Last month, NASA researchers dropped news with potentially huge consequences for space travel and science as a whole: They ran an experiment whose results seem to defy the very laws of physics, and could change how we travel through outer space. Problem is, experts say that it's incredibly unlikely that Isaac Newton is wrong. Instead, the most likely explanation is the team simply made a mistake somewhere along the way

The team was testing a theory that there's a new way to propel satellites, instead of using rockets powered by a limited supply of fuel. So they put a radio antenna in a specially designed, sealed container. Turned on, the antenna bounced 935MHz radio waves (similar to those used by some cell phones) around, and the container apparently moved a tiny, tiny bit. This violates Newton's third law of motion, one of the basic tenets of physics.

Loosely put, Newton taught us that no action can occur without an equal and
opposite reaction. Because there is nothing pushing against the container, propelling it along—no hot gases exploding out the back, for example—it shouldn't be able to move. It's like moving a broken-down car by pushing it from the inside.

If the results hold up, that means there's a way to power vehicles through space without combusting fuel. Today, a satellite's lifetime supply of propellant is limited to how much it can carry. It doesn't need to burn fuel once in orbit, but if a team on the ground wants to tweak its course to avoid space debris or take on a new task, they need to fire it up.

But if radio waves can control the vehicle, that all changes. An antenna could be powered by electricity generated with solar panels. Beyond satellites, this could help humans get to Mars. A consistent source of thrust could accelerate a ship to much higher speeds than traditional propellant-based engines, cutting the time it takes to get from Earth to the red planet.

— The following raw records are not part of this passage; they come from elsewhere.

(* Let $\mathcal{G}=\langle S,A,T,s_0,F\rangle$ be a two-player turn-based deterministic reachability game. For any disjoint $X,Y\subseteq\mathrm{Win}_2(\mathcal{G},F)\setminus F$, we have $\mathrm{DASWin}_1(X,Y)\subseteq\mathrm{DSWin}_1(X,Y)$.
   Context: A two-player turn-based deterministic reachability game is a tuple $\mathcal{G}=\langle S,A,T,s_0,F\rangle$: $S$ finite, partitioned into P1 states $S_1$ and P2 states $S_2$; $A=A_1\cup A_2$ (P1 and P2 actions); $T:(S_1\times A_1)\cup(S_2\times A_2)\to S$ deterministic, possibly partial ($a$ enabled at $s$ iff $T(s,a)$ defined; every state has an enabled action); $s_0$ initial; $F\subseteq S$ a set of sink states (P2's goal). For a target $R$: $Z_0=R$, $Z_{k+1}=Z_k\cup\{s\in S_1:T(s,a)\in Z_k\ \forall\text{ enabled }a\}\cup\{s\in S_2:T(s,a)\in Z_k\text{ for some enabled }a\}$, $\mathrm{Win}_2(\mathcal{G},R)=\bigcup_kZ_k$, $\mathrm{rank}_{\mathcal{G},R}(s)=\min\{k:s\in Z_k\}$ ($\infty$ if none). For disjoint $X,Y\subseteq\mathrm{Win}_2(\mathcal{G},F)\setminus F$ (traps $X$, fake targets $Y$): the true game $\mathcal{G}^1_{X,Y}$ has states $S$ and transitions $T_{X,Y}(q,a)=T(q,a)$ if $q\notin X\cup Y$, $T_{X,Y}(q,a)=q$ if $q\in X\cup Y$; P2's perceptual game $\mathcal{G}^2_{X,Y}$ has transitions $T$ and goal $F\cup Y$, with $\mathrm{rank}_{\mathcal{G}^2_{X,Y}}:=\mathrm{rank}_{\mathcal{G},F\cup Y}$. A memoryless randomized strategy of player $i$ maps each $q\in S_i$ to a distribution over enabled actions (deterministic if all are point masses); a pair of strategies and a start state determine the set of generated paths and a probability measure on paths of $\mathcal{G}^1_{X,Y}$. Sure-winning notion: for $q\in S_2\cap\mathrm{Win}_2(\mathcal{G},F)\setminus(F\cup Y)$, $\mathsf{SRActs}_{X,Y}(q)=\{a\text{ enabled}:\mathrm{rank}_{\mathcal{G}^2_{X,Y}}(T(q,a))<\mathrm{rank}_{\mathcal{G}^2_{X,Y}}(q)\}$, and all enabled actions at every other state; a memoryless deterministic strategy is subjectively rationalizable if it always picks an action in $\mathsf{SRActs}_{X,Y}$; a memoryless deterministic P1 strategy $\pi_1$ is stealthy deceptive sure winning at $s$ if it is subjectively rationalizable and for every subjectively rationalizable memoryless deterministic P2 strategy $\pi_2$ every path from $s$ generated by $(\pi_1,\pi_2)$ in $\mathcal{G}^1_{X,Y}$ visits $X\cup Y$ within finitely many steps; $\mathrm{DSWin}_1(X,Y)$ is the set of states where such a strategy exists. Almost-sure notion: for $q\in S_2\cap\mathrm{Win}_2(\mathcal{G},F)\setminus F$, $\widehat{\mathsf{SRActs}}(q)=\{a\text{ enabled}:T(q,a)\in\mathrm{Win}_2(\mathcal{G},F)\}$, and all enabled actions at every other state; a memoryless randomized strategy is subjectively rationalizable if at each of its player's states $q$ its support is a nonempty subset of $\widehat{\mathsf{SRActs}}(q)$; a memoryless randomized P1 strategy $\pi_1$ is stealthy deceptive almost-sure winning at $s$ if it is subjectively rationalizable and for every subjectively rationalizable memoryless randomized P2 strategy $\pi_2$ the path of $\mathcal{G}^1_{X,Y}$ from $s$ under $(\pi_1,\pi_2)$ visits $X\cup Y$ with probability one; $\mathrm{DASWin}_1(X,Y)$ is the set of states where such a strategy exists. *)

From HB Require Import structures.
From mathcomp Require Import all_boot all_order all_algebra.
From mathcomp Require Import boolp reals.
Set Implicit Arguments. Unset Strict Implicit. Unset Printing Implicit Defensive.
Import Order.TTheory GRing.Theory Num.Theory.
Local Open Scope ring_scope.

(* S1 = P1 states (P2 states S2 = complement), A1/A2 = P1/P2 actions,
   trans = partial transition function T (None = undefined), goal = F. *)
Record game (S A : finType) := Game {
  S1 : {set S};
  A1 : {set A};
  A2 : {set A};
  trans : S -> A -> option S;
  init : S;
  goal : {set S} }.

Section Games.
Variables (S A : finType) (G : game S A).

Definition enabled (s : S) (a : A) : bool := trans G s a != None.

Definition succ_in (s : S) (a : A) (Z : {set S}) : bool :=
  if trans G s a is Some t then t \in Z else false.

Definition valid_game : Prop :=
  [/\ A1 G :|: A2 G = [set: A],
      (forall s a, enabled s a ->
         ((s \in S1 G) && (a \in A1 G)) || ((s \notin S1 G) && (a \in A2 G))),
      (forall s, exists a, enabled s a) &
      (forall f a, f \in goal G -> enabled f a -> trans G f a = Some f)].

Fixpoint attr (R : {set S}) (k : nat) : {set S} :=
  match k with
  | 0 => R
  | k'.+1 =>
      let Z := attr R k' in
      Z :|: [set s | (s \in S1 G) && [forall a, enabled s a ==> succ_in s a Z]]
        :|: [set s | (s \notin S1 G) && [exists a, succ_in s a Z]]
  end.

The NASA team isn't the first to find this result. This is actually the fifth time an independent research lab has tested this kind of device successfully. Not surprisingly, the NASA work, done by researchers David Brady, Harold White, and three other scientists, sparked breathless media coverage claiming the laws of physics has been broken.

Here's the tricky part: The laws of physics are called laws for a reason. It's exceedingly unlikely that shooting off radio waves inside a carefully constructed can is enough to break one of them. It's much more likely there's some error in the experiment, something extremely subtle that no one has noticed yet. It's happened before. In 2011, Italian physicists thought they had discovered neutrinos that could travel faster than light, contradicting Einstein's theory of relativity. After extensive testing, the team realized it had flawed data thanks to a loose fiber optic cable. It's likely that the results of the NASA experiment have a similar explanation.

"Extraordinary claims require extraordinary evidence," says Professor Federico Capasso, the Robert L. Wallace Professor of Applied Physics at Harvard University, quoting Carl Sagan's famous line. "It does no good to science and technology, in fact it hurts its credibility, to go public with such preliminary results that would have to be confirmed by many more experiments designed to convincingly rule out uncontrollable effects or interferences," Capasso says.

John C. Baez, a mathematical physicist at the University of California at Riverside, calls the experiment "graduate-level baloney." He scoffs at the idea that microwaves in a "fancy-shaped can" could violate the law of conservation of momentum.

The legendary physicist Richard Feynman once wrote "for a successful technology, reality must take precedence over public relations, for nature cannot be fooled." A less-forward thinking PR department might say "release the news!" because it makes for great press, but this needs to be carefully proven before it can change the world.

Other labs, including NASA's Jet Propulsion Laboratory in California and at the Glenn Research Center in Ohio, plan to test the system.

It's possible that there is a way to move an object through space using radio waves, and that there's something wrong with Newton's thinking. But it's an extreme long shot, and until we have piles and piles of proof to support it, we can safely assume that something else—maybe a loose cable somewhere—is at work.